Duke University Alumni Magazine

A CLIMATE FOR HONOR

by NANNERL O. KEOHANE
President, Duke University



he flurry of frightening news stories begins to seem depressingly routine. A 1998 survey by Who's Who Among High School Students finds that 80 percent admit to having cheated, 83 percent say cheating is common at their school, and 53 percent do not believe cheating is a serious ethical violation. William Raspberry, Knight Professor of the practice of communications and journalism at Duke, revealed in his November 1999 Washington Post column that about half of his students admitted to having cheated in high school.

The same month, U.S. News & World Report ran a cover story quoting an anonymous Duke student who had turned in a friend's program as her own in a computer science course: "It's not a big deal because it's just a mindless assignment. It's not a final or a midterm." The magazine's own poll suggests that "90 percent of college students believe cheaters never pay the price," and that "one in four adults believes he has to lie and cheat to get ahead."

In April, the results of a cross-institutional 1999-2000 Academic Integrity Survey showed that 45 percent of Duke students had cheated at least once in their college careers: 38.5 percent had copied at least a few sentences without footnoting them in a paper; 37 percent had falsified lab or research data; 11 percent had copied during an exam.

In the middle of all this, the student leaders of the Honor Council, backed by the resources of the Center for Academic Integrity, a consortium of 200 colleges and universities housed at Duke, has stepped up the campus dialogue this year and is vigorously pushing for a stronger honor code. They have sponsored panels representing all sides of the issue, published letters and columns, and generally helped stimulate discussion.

The effort has historic precedents. The president of the Duke Woman's Student Government Association in 1957 wrote of a strong honor code proposal then on the table: "To my mind, we have one major purpose in passing this Code--the transfer of responsibility in this college community to the students themselves." The women were convinced, the men were not so sure, and the effort dissolved with the departure of Liddy Hanford's senior class. As our distinguished alumna Elizabeth Hanford Dole '58, she delivered this year's Commencement address.

The issue came up again in the early 1980s, when President Terry Sanford created the President's Honor Council, composed of juniors and seniors who encouraged students to develop their own concept of honor and act on it. Sanford wrote to the Class of 1984: "Value-free inquiry must not be confused with value-free action."

The current code dates from 1993. It was passed by only a very narrow majority of students voting and has yet really to take root on campus. Compared with the tough traditional codes on such campuses as West Point or the University of Virginia, it is modest in its expectations. It is true that all students sign it, it is routinely posted and printed, and it does bind students to demonstrate integrity in the pursuit of their intellectual endeavors and to encourage their peers to do the same. However, for many students and faculty members, the honor code is peripheral, elective, and unclear. Along with quite a few other student, faculty, and administrative leaders, I believe this needs to change.

Sooner or later, those who are content with our current situation come up against some sobering ethical dilemmas. Two things are certain: National data reveal a growing tendency for more students to cheat, and for students to regard more kinds of cheating as trivial; they also show that schools with a strong honor code have less cheating, even though cheating is theoretically easier there, owing to unproctored, self-scheduled exams. Such systems instill and depend on a greater degree of mutual trust between faculty members and students, and a higher sense of responsibility on the part of all students, for themselves and for the system.

Many of us believe that creating such a climate at Duke would go a long way toward improving the sense of intellectual integrity, and the quality of education itself, on campus. But how should Duke proceed?

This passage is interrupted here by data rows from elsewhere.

Definition strong_edge_coloring (V : finType) (e : rel V) (N : nat)
    (c : {set V} -> 'I_N) : Prop :=
  forall E F, is_edge e E -> is_edge e F -> E != F -> conflict e E F ->
    c E != c F.

Definition strong_chi_le (V : finType) (e : rel V) (N : nat) : Prop :=
  exists c : {set V} -> 'I_N, strong_edge_coloring e c.

From mathcomp Require Import all_boot zify.
Set Implicit Arguments. Unset Strict Implicit. Unset Printing Implicit Defensive.

(* 1. A k-degenerate graph has a degeneracy ordering: an injective ranking r of
      the vertices in which every vertex has at most k neighbours of smaller
      rank ("back neighbours"); repeatedly remove a vertex of degree <= k and
      give it the largest remaining rank.
   2. Greedy colouring: if the items of a finite family are processed in the
      order of an injective key and each item conflicts with fewer than N
      earlier items, then N colours suffice.
   3. Edges uv with r u < r v are ordered lexicographically by (r u, r v).  An
      earlier edge in conflict with uv contains a neighbour w of u or of v
      (w not in {u, v}) together with a partner z of w in the set [tail u w].
      Counting these partners with the degree bound D and the back-degree
      bound k (k - 1 when v or u is itself a back neighbour) gives at most
      (4k - 2)D - 2k^2 earlier conflicting edges. *)

Definition back (V : finType) (e : rel V) (r : V -> nat) (x : V) : {set V} :=
  [set z | e x z & r z < r x].

Lemma degeneracy_ordering_on (V : finType) (e : rel V) (k : nat) :
  symmetric e -> degenerate e k ->
  forall S : {set V}, exists r : V -> nat,
    [/\ {in S &, injective r}, {in S, forall v, r v < #|S|} &
        {in S, forall v, #|[set u in S | e v u & r u < r v]| <= k}].
Proof.
move=> esym dg S; move Hn: #|S| => n; elim: n S Hn => [|n IH] S Hn.
  exists (fun _ => 0); move/eqP: Hn; rewrite cards_eq0 => /eqP ->.
  by split=> x; rewrite in_set0.
have S0 : S != set0 by rewrite -card_gt0 Hn.
have [v vS dv] := dg S e S0 esym (fun x y h => h).
have Hn' : #|S :\ v| = n by move: (cardsD1 v S); rewrite vS Hn; case.
have [r' [r'inj r'lt r'back]] := IH _ Hn'.
have inS' x : x \in S -> x != v -> x \in S :\ v by rewrite in_setD1 => -> ->.
exists (fun x => if x == v then n else r' x); split.
- move=> x y xS yS /=.
  case: (eqVneq x v) => [->|xv]; case: (eqVneq y v) => [->|yv] //.
  + by move=> h; move: (r'lt _ (inS' _ yS yv)); rewrite -h ltnn.
  + by move=> h; move: (r'lt _ (inS' _ xS xv)); rewrite h ltnn.
  + by apply: r'inj; apply: inS'.
- move=> x xS /=; case: (eqVneq x v) => [//|xv].
  by rewrite ltnS ltnW // r'lt // inS'.
- move=> x xS /=; case: (eqVneq x v) => [->|xv].
    apply: leq_trans dv; apply: subset_leq_card.
    by apply/subsetP=> u; rewrite !inE => /andP[-> /andP[->]].
  have xS' := inS' _ xS xv.
  apply: leq_trans (r'back _ xS'); apply: subset_leq_card.
  apply/subsetP=> u; rewrite !inE => /andP[uS /andP[exu]].
  case: (eqVneq u v) => [->|uv]; last by rewrite uS exu.
  by move=> h; move: (r'lt _ xS'); rewrite ltnNge ltnW.
Qed.

Lemma degeneracy_ordering (V : finType) (e : rel V) (k : nat) :
  symmetric e -> degenerate e k ->
  exists r : V -> nat, [/\ injective r, forall x, r x < #|V| &
                          forall x, #|back e r x| <= k].
Proof.
move=> esym dg; have [r [rinj rlt rback]] := degeneracy_ordering_on esym dg setT.
exists r; split=> [x y rxy | x | x]; first exact: rinj.
- by rewrite -cardsT rlt.
- apply: leq_trans (rback x _) => //; apply: subset_leq_card.
  by apply/subsetP=> z; rewrite !inE.
Qed.

Definition earlier (T : finType) (P : pred T) (conf : rel T) (key : T -> nat)
    (E : T) : {set T} :=
  [set F | P F && (F != E) && conf E F && (key F < key E)].

(* The
   induction removes the item of largest key from a finite subfamily. *)
Lemma greedy_colouring (T : finType) (P : pred T) (conf : rel T)
    (key : T -> nat) (N : nat) :
  0 < N -> symmetric conf -> {in P &, injective key} ->
  (forall E, P E -> #|earlier P conf key E| < N) ->
  exists c : T -> 'I_N, forall E F, P E -> P F -> E != F -> conf E F -> c E != c F.
Proof.
move=> N0 csym kinj few.
suff colour_sub (A : {set T}) : A \subset [set x | P x] -> exists c : T -> 'I_N,
    forall E F, E \in A -> F \in A -> E != F -> conf E F -> c E != c F.
  have [c hc] := colour_sub _ (subxx [set x | P x]).
  by exists c => E F PE PF; apply: hc; rewrite inE.
move Hn: #|A| => n; elim: n A Hn => [|n IH] A Hn AP.
  exists (fun _ => Ordinal N0); move/eqP: Hn; rewrite cards_eq0 => /eqP ->.
  by move=> E F; rewrite in_set0.
have [E0 E0A] : {E0 | E0 \in A} by apply/sigW/set0Pn; rewrite -card_gt0 Hn.
have AP' X : X \in A -> P X by move=> XA; have := subsetP AP X XA; rewrite inE.
pose E := [arg max_(X > E0 in A) key X].
have [EA Emax] : E \in A /\ forall X, X \in A -> key X <= key E.
  by rewrite /E; case: arg_maxnP.
have Hn' : #|A :\ E| = n by move: (cardsD1 E A); rewrite EA Hn; case.
have [c' hc'] := IH _ Hn' (subset_trans (subD1set A E) AP).
pose used := [set c' F | F in [set F in A :\ E | conf E F]].
have used_lt : #|used| < N.
  apply: leq_ltn_trans (leq_imset_card _ _) (leq_ltn_trans _ (few E (AP' E EA))).
  apply: subset_leq_card; apply/subsetP=> F; rewrite !inE.
  move=> /andP[/andP[FE FA] cEF]; rewrite FE cEF AP' //= ltn_neqAle Emax // andbT.
  by apply: contra FE => /eqP/kinj-> //; rewrite unfold_in AP'.
have [col col_free] : exists col, col \notin used.
  apply/existsP; rewrite -negb_forall; apply/negP => /forallP all_used.
  have : #|'I_N| <= #|used| by apply/subset_leq_card/subsetP=> x _; exact: all_used.
  by rewrite card_ord leqNgt used_lt.
exists (fun X => if X == E then col else c' X) => X Y XA YA XY cXY.
case: (eqVneq X E) => [XE|XE]; case: (eqVneq Y E) => [YE|YE].
- by move: XY; rewrite XE YE eqxx.
- apply: contra col_free => /eqP->; apply/imsetP; exists Y => //.
  by rewrite !inE YE YA -XE.
- apply: contra col_free => /eqP<-; apply/imsetP; exists X => //.
  by rewrite !inE XE XA -YE csym.
- by apply: hc' => //; rewrite in_setD1 ?XE ?YE.
Qed.

Lemma card_bigcup_le (I T : finType) (A : {set I}) (F : I -> {set T}) :
  #|\bigcup_(i in A) F i| <= \sum_(i in A) #|F i|.
Proof.
apply: (big_rec2 (fun (X : {set T}) m => #|X| <= m)); first by rewrite cards0.
by move=> i X m _ IH; apply: leq_trans (leq_card_setU _ _) _; rewrite leq_add2l.
Qed.

Lemma sum_split_le (T : finType) (A B : {set T}) (f : T -> nat) (a b : nat) :
  {in A :&: B, forall x, f x <= a} -> {in A :\: B, forall x, f x <= b} ->
  \sum_(x in A) f x <= #|A :&: B| * a + #|A :\: B| * b.
Proof.
move=> fa fb; rewrite (big_setID B) -!sum_nat_const.
by apply: leq_add; apply: leq_sum.
Qed.

(* The final optimisation: p1 <= k neighbours of u and p2 <= k - 1 neighbours
   of v contribute D partners each, the remaining q1 resp. q2 neighbours
   contribute k resp. k - 1; the extreme case gives exactly the bound. *)
Lemma conflict_count_arith (k D p1 q1 p2 q2 : nat) :
  1 <= k -> k <= D -> p1 <= k -> p1 + q1 + 1 <= D ->
  p2 + 1 <= k -> p2 + q2 + 1 <= D ->
  p1 * D + q1 * k + (p2 * D + q2 * (k - 1)) <= (4 * k - 2) * D - 2 * k ^ 2.
Proof. by move=> *; rewrite expnS expn1; nia. Qed.

Lemma lex_lt (n x1 y1 x2 y2 : nat) : y1 < n -> y2 < n ->
  x1 * n + y1 < x2 * n + y2 -> x1 < x2 \/ (x1 = x2 /\ y1 < y2).
Proof. by move=> *; nia. Qed.

Lemma lex_eq (n x1 y1 x2 y2 : nat) : y1 < n -> y2 < n ->
  x1 * n + y1 = x2 * n + y2 -> x1 = x2 /\ y1 = y2.
Proof.
move=> y1n y2n eq12; have n0 : 0 < n by apply: leq_ltn_trans y1n.
split; [move: (congr1 (divn^~ n) eq12) | move: (congr1 (modn^~ n) eq12)].
- by rewrite !divnMDl // !divn_small // !addn0.
- by rewrite !modnMDl !modn_small.
Qed.

Lemma conflict_sym (V : finType) (e : rel V) : symmetric e -> symmetric (conflict e).
Proof.
move=> esym E F; apply/exists_inP/exists_inP => -[x xE /exists_inP[y yF xy]];
  by exists y => //; apply/exists_inP; exists x; rewrite // eq_sym esym.
Qed.

Section EdgeOrder.

Variables (V : finType) (e : rel V) (r : V -> nat) (n : nat).
Hypotheses (esym : symmetric e) (eirr : irreflexive e) (rinj : injective r)
           (r_lt : forall x, r x < n).

Lemma rank_neq (x y : V) : r x < r y -> x != y.
Proof. by apply: contraTneq => ->; rewrite ltnn. Qed.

What arguments will best motivate today's students and faculty members to work for a "true" honor code on this campus? I am convinced that this requires a combination of appeals to "enlightened self-interest" and to loftier moral arguments about what kind of community we want to be.

There are very good reasons why an education based on shortcuts and fabrications, an education that involves cheating instead of learning, is no education at all. If students get the right answer but have no idea why it is true, they have gained no knowledge at all, which is a waste of all the time and money spent at Duke. And in the real world, when you set out to build a bridge or craft a legal document or begin brain surgery, just knowing what the result is supposed to be is of mighty little use in making it happen; pity the poor patients and clients!

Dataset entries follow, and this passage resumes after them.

Lemma termalg_tightly_sigma_filtered (i0 : I) : (forall i, exists j, lt i j) ->
  tightly_sigma_filtered (termalg admissible).
Proof.
move=> nomax; exists I, lt, filtration; split.
- by do 3?split.
- split; [move=> i; exact: span_subalgebra|split; [exact: filtration_mono|]].
  exact: filtration_exhaustive i0 nomax.
- exact: filtration_bottom.
- exact: filtration_limit.
- move=> a; exists (step_base a), (step_algebra a); split.
  + split; first by apply: subalgebraI; apply: span_subalgebra.
    by apply: countable_set_sub (step_algebra_countable a) => x [].
  + by split; [apply: span_subalgebra|apply: step_algebra_countable].
  + exact: step_pushout.
  + by move=> amax; have [b /amax] := nomax a.
Qed.

Lemma termalg_countable_separation :
  (forall f g : nat -> term I, exists2 c,
     forall n, below c (f n) /\ below c (g n) & X c = f /\ Y c = g) ->
  countable_separation (termalg admissible).
Proof.
move=> book Xs Ys cX cY XY.
have [eX [eXon eXin]] := countable_enum \bot%O cX.
have [eY [eYon eYin]] := countable_enum \top%O cY.
have [c cfg [Xc Yc]] := book (rep \o eX) (rep \o eY).
have ord n m p : admissible p -> eval p (rep (eX n)) -> eval p (rep (eY m)).
  apply/le_clsP; rewrite !repK.
  by case: (eXin n) (eYin m) => [Xn|->] [Ym|->]; rewrite ?le0x ?lex1 ?XY.
have ca : active c.
  apply/activeP; split=> [n|p pb n m]; first by rewrite Xc Yc.
  have [x y xy /(lt_trans xy) //|//|q Oq qp] := @admissible_extend (lt^~ c) p.
  rewrite Xc Yc /= -(eval_below (cfg n).1 qp) -(eval_below (cfg m).2 qp).
  exact: ord.
exists (cl (tvar c)); split.
- move=> x /eXon [n <-]; rewrite -[eX n]repK; apply/le_clsP => p Op.
  by have [+ _] := Op c ca; rewrite Xc; apply.
- move=> y /eYon [m <-]; rewrite -[eY m]repK; apply/le_clsP => p Op.
  by have [_ +] := Op c ca; rewrite Yc; apply.
Qed.

Definition unconstrained (j : I) := X j = (fun=> tbot) /\ Y j = (fun=> ttop).

Lemma cls_tvar_unconstrained_inj i j : unconstrained i -> unconstrained j ->
  cl (tvar i) = cl (tvar j) -> i = j.
Proof.
have sep k l : lt k l -> unconstrained l -> cl (tvar k) <> cl (tvar l).
  move=> kl [Xl Yl] /clsP kl_eq; have [p0 Op0] := admissible_exists.
  have [|q Oq [qp ql]] := @admissible_extend_at p0 l (~~ p0 k) Op0.
    by move=> _; split=> n; rewrite ?Xl ?Yl.
  by have := kl_eq q Oq; rewrite /= ql qp //; case: (p0 k).
move=> iu ju ij; case: (lt_total i j) => [lij|[//|lji]].
- by case: (sep i j lij ju ij).
- by case: (sep j i lji iu (esym ij)).
Qed.

End Constraints.

(** * The index set omega_1 x 2^omega and its codes *)

Lemma countable_setU1 (T : Type) (A : set T) (x : T) : countable A -> countable (x |` A).
Proof.
move=> /countable_injP [f finj]; apply/countable_injP.
exists (fun y => if `[< y = x >] then 0%N else (f y).+1) => y z; rewrite !inE.
case: asboolP => [->|nyx] Ay; case: asboolP => [->|nzx] Az //= [fyz].
apply: finj fyz; rewrite inE; [by case: Ay|by case: Az].
Qed.

Definition W := nat -> bool.
Definition W_le : rel W := sval (well_ordering_principle W).
Definition W_lt (v w : W) := W_le v w /\ v <> w.

Lemma W_wo : well_order W_le.
Proof. exact: svalP (well_ordering_principle W). Qed.

Lemma W_uncountable : ~ countable [set: W].
Proof.
move=> /pcard_surjP [g gsurj].
have [n _ gn] := gsurj (fun m => ~~ g m m) Logic.I.
by have /= := congr1 (fun w => w n) gn; case: (g n n).
Qed.

Lemma least_outside (U : set W) :
  countable U -> exists w, ~ U w /\ forall v, W_lt v w -> U v.
Proof.
move=> cU; have [|w [Uw wlb]] := @wo_min _ _ W_wo (fun w => ~ U w).
  apply: contrapT => noU; apply: W_uncountable; apply: sub_countable cU.
  by apply: subset_card_le => w _; apply: contrapT => Uw; apply: noU; exists w.
exists w; split=> // v [vw nvw]; apply: contrapT => Uv.
exact: nvw (wo_anti W_wo vw (wlb v Uv)).
Qed.

Definition omega1 := {w : W | countable [set v | W_lt v w]}.
Definition omega1_lt (a b : omega1) := W_lt (sval a) (sval b).

Lemma omega1_bound (c : nat -> omega1) : exists xi, forall k, omega1_lt (c k) xi.
Proof.
pose U := \bigcup_(k in [set: nat]) (sval (c k) |` [set v | W_lt v (sval (c k))]).
have cU : countable U.
  by apply: bigcup_countable => // k _; apply: countable_setU1; case: (c k).
have [w [Uw wlb]] := least_outside cU.
exists (exist _ w (sub_countable (subset_card_le wlb) cU)) => k; rewrite /omega1_lt /=.
have Uck : ~ (w = sval (c k) \/ W_lt w (sval (c k))) by move=> ?; apply: Uw; exists k.
case/orP: (wo_total W_wo w (sval (c k))) => wck.
  by case: Uck; case: (pselect (w = sval (c k))) => ?; [left|right].
by split=> // ckw; apply: Uck; left.
Qed.

Lemma omega1_inhabited : inhabited omega1.
Proof.
have [w [_ wlb]] := least_outside (countable0 W).
by constructor; exists w; apply: sub_countable (countable0 W); apply: subset_card_le.
Qed.

Definition wpair (v w : W) : W := fun n => if odd n then w n./2 else v n./2.

Lemma wpair_inj v w v' w' : wpair v w = wpair v' w' -> v = v' /\ w = w'.
Proof.
move=> E; split; apply/funext => n.
- by have := congr1 (fun f => f n.*2) E; rewrite /wpair odd_double doubleK.
- by have := congr1 (fun f => f n.*2.+1) E; rewrite /wpair /= odd_double uphalf_double.
Qed.

Definition wtag (k : nat) (w : W) : W := wpair (fun n => n == k) w.

Lemma wtag_inj k w k' w' : wtag k w = wtag k' w' -> k = k' /\ w = w'.
Proof.
by case/wpair_inj => /(congr1 (@^~ k)); rewrite eqxx => /esym/eqP.
Qed.

Definition wseq (f : nat -> W) : W :=
  fun m => let: (n, i) := odflt (0, 0)%N (unpickle m) in f n i.

Lemma wseq_inj : injective wseq.
Proof.
move=> f g E; apply/funext => n; apply/funext => i.
by have := congr1 (@^~ (pickle (n, i))) E; rewrite /wseq pickleK.
Qed.

Fixpoint term_code (V : Type) (f : V -> W) (t : term V) : W :=
  match t with
  | tvar v => wtag 0 (f v)
  | tbot => wtag 1 (fun=> false)
  | ttop => wtag 2 (fun=> false)
  | tmeet s t => wtag 3 (wpair (term_code f s) (term_code f t))
  | tjoin s t => wtag 4 (wpair (term_code f s) (term_code f t))
  | tcompl t => wtag 5 (term_code f t)
  end.

Lemma term_code_inj (V : Type) (f : V -> W) : injective f -> injective (term_code f).
Proof.
move=> finj; elim=> [v| | |s IHs t IHt|s IHs t IHt|t IHt]
  [v'| | |s' t'|s' t'|t'] /= /wtag_inj [] // _.
- by move/finj ->.
- by case/wpair_inj => /IHs -> /IHt ->.
- by case/wpair_inj => /IHs -> /IHt ->.
- by move/IHt ->.
Qed.

Definition Idx := (omega1 * W)%type.
Definition Idx_lt : Idx -> Idx -> Prop := lexprod omega1_lt W_lt.

Lemma Idx_lt_strict_well_order : strict_well_order Idx_lt.
Proof.
apply: strict_well_order_lexprod; last exact: wo_strict_well_order W_wo.
exact: strict_well_order_sub (wo_strict_well_order W_wo).
Qed.

Lemma Idx_lt_nomax i : exists j, Idx_lt i j.
Proof. by have [xi xiP] := omega1_bound (fun=> i.1); exists (xi, i.2); left; apply: xiP 0%N. Qed.

Definition idx_code (i : Idx) : W := wpair (sval i.1) i.2.

Lemma idx_code_inj : injective idx_code.
Proof.
move=> [[a a_cnt] v] [[b b_cnt] w] E; have [/= ab vw] := wpair_inj E; subst b w.
by congr (exist _ _ _, _); apply: Prop_irrelevance.
Qed.

Definition constraint_data := ((nat -> term Idx) * (nat -> term Idx))%type.

Definition data_code (P : constraint_data) : W :=
  wtag 0 (wpair (wseq (term_code idx_code \o P.1)) (wseq (term_code idx_code \o P.2))).

Lemma data_code_inj : injective data_code.
Proof.
move=> [f g] [f' g'] /wtag_inj [_ /wpair_inj [/wseq_inj ff' /wseq_inj gg']].
by congr pair; apply/funext => n; apply: (term_code_inj idx_code_inj);
  [apply: (congr1 (@^~ n) ff')|apply: (congr1 (@^~ n) gg')].
Qed.

(* Codes outside the range of [data_code], such as [wtag 1 w], give unconstrained generators. *)
Definition decode (w : W) : constraint_data :=
  if pselect (exists P, data_code P = w) is left h then projT1 (cid h)
  else (fun=> tbot, fun=> ttop).

Lemma data_codeK : cancel data_code decode.
Proof.
move=> P; rewrite /decode; case: pselect => [h|[]]; last by exists P.
by case: cid => Q /= /data_code_inj.
Qed.

Lemma decode_free w : decode (wtag 1 w) = (fun=> tbot, fun=> ttop).
Proof. by rewrite /decode; case: pselect => // h; exfalso; case: h => P /wtag_inj []. Qed.

Definition Xc (i : Idx) := (decode i.2).1.
Definition Yc (i : Idx) := (decode i.2).2.

Lemma Idx_bookkeeping (f g : nat -> term Idx) : exists2 c,
  forall n, below Idx_lt c (f n) /\ below Idx_lt c (g n) & Xc c = f /\ Yc c = g.
Proof.
have [o0] := omega1_inhabited; pose d : Idx := (o0, fun=> false).
pose nu k := let: (n, i) := odflt (0, 0)%N (unpickle k) in
  tvar_enum d (if odd i then g n else f n) i./2.
have [xi xiP] := omega1_bound (fun k => (nu k).1).
exists (xi, data_code (f, g)); last by rewrite /Xc /Yc /= data_codeK.
move=> n; split=> v /(tvar_enum_onto d) [i <-]; left.
- by have := xiP (pickle (n, i.*2)); rewrite /nu pickleK /= odd_double doubleK.
- by have := xiP (pickle (n, i.*2.+1)); rewrite /nu pickleK /= odd_double uphalf_double.
Qed.

Lemma Idx_lt_wf : well_founded Idx_lt.
Proof. by case: Idx_lt_strict_well_order => _ [_ []]. Qed.

Definition Balg := termalg (admissible Idx_lt_wf Xc Yc).

Lemma card_Balg : exists f : Balg -> W, bijective f.
Proof.
have [irr [tr [tot _]]] := Idx_lt_strict_well_order.
have le1 : [set: Balg] #<= [set: W].
  apply/pcard_injP; exists (fun x : Balg => term_code idx_code (rep x)) => x y _ _.
  by move=> /(term_code_inj idx_code_inj) xy; rewrite -(repK x) -(repK y) xy.
have le2 : [set: W] #<= [set: Balg].
  have [o0] := omega1_inhabited.
  have free w : unconstrained Xc Yc (o0, wtag 1 w) by rewrite /unconstrained /Xc /Yc decode_free.
  apply/pcard_injP; exists (fun w => cls (admissible Idx_lt_wf Xc Yc) (tvar (o0, wtag 1 w))).
  move=> v w _ _ /(cls_tvar_unconstrained_inj irr tr tot (free v) (free w)) [].
  by case/wtag_inj.
have /card_set_bijP [f [_ finj fsurj]] := Cantor_Bernstein le1 le2.
have /choice[g gK] : forall w, exists x, f x = w.
  by move=> w; have [x _ fx] := fsurj w Logic.I; exists x.
exists f, g => // x; apply: finj; rewrite ?inE ?gK //.
Qed.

Education is based on an implicit contract between teachers and students. Both must have a genuine interest in learning and conveying, to the best of their ability, knowledge that they believe to be true, and ways of discovering whether or not it passes various tests for truth. This is the whole point; the end result, the "right answer" or the high grade, is a worthless substitute.

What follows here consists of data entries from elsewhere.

Lemma SE_extend_blocks j : j <= size p -> (size p - j) %% k = 0 -> SE_extendable (cover 0 j) setT.
Proof.
move=> j_le dvd_k; rewrite -cover_all.
have [m def_s] : exists m, size p = j + m * k.
  by have := divn_eq (size p - j) k; rewrite dvd_k addn0; move: (_ %/ _) => m ?; exists m; lia.
elim: m j j_le {dvd_k} def_s => [|m IH] j j_le def_s.
  by rewrite def_s mul0n addn0; apply: SE_extendable_refl.
rewrite mulSn in def_s; apply: (SE_extendable_trans (cover_sub (leqnn 0) (leq_addr k j))).
  by apply: SE_extend_full_segment; lia.
by apply: IH; lia.
Qed.

Lemma deg_into_outside_le1 i : 1 < size p -> i < size p -> deg_into (~: S) (pv i) <= 1.
Proof.
move=> p_gt1 i_lt.
have notin j : j < size p -> pv j \notin ~: S by move=> j_lt; rewrite inE negbK pv_in.
case: (ltnP i.+1 (size p)) => i_bd.
  by apply: (deg_into_pv_le1 (j := i.+1)); [|apply: pv_adj|apply: notin].
by apply: (deg_into_pv_le1 (j := i.-1)); [|apply: pv_adj_prev|apply: notin]; lia.
Qed.

Lemma card_deg_ge_segment (U : {set T}) a b j : b <= size p -> #|deg_ge U (segment a b) j| <= b - a.
Proof. by move=> b_le; rewrite -card_segment // subset_leq_card // deg_ge_sub. Qed.

Local Notation r0 := ((#|T| - #|S|) %% k).

Lemma SE_extend_single : size p = 1 -> r0 + 3 <= k -> SE_extendable (~: S) setT.
Proof.
move=> s1 r0_bd; rewrite -(cover_nil 0) -cover_all s1.
have B_le j : #|deg_ge (cover 0 0) (segment 0 1) j| <= 1 by rewrite card_deg_ge_segment ?s1.
apply: SE_extend_cover_segment; rewrite ?card_cover ?s1 ?subnn ?addn0 //; try lia.
- by move=> _; have := B_le 1; lia.
- by move=> _; have := B_le 2; lia.
Qed.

If Duke is ever going to become an honor-code school, we can't approach the cheating problem with mutual distrust between faculty and students. The values promulgated by the Center for Academic Integrity--honesty, trust, fairness, respect, and responsibility--lend themselves to a different approach and a different kind of community, the kind I would rather live in. Though cynics mock these concepts as "motherhood and apple pie" statements, they have held up well under the scrutiny of several thousand years of reflection, and they will hold up under our own if we can look without blinking.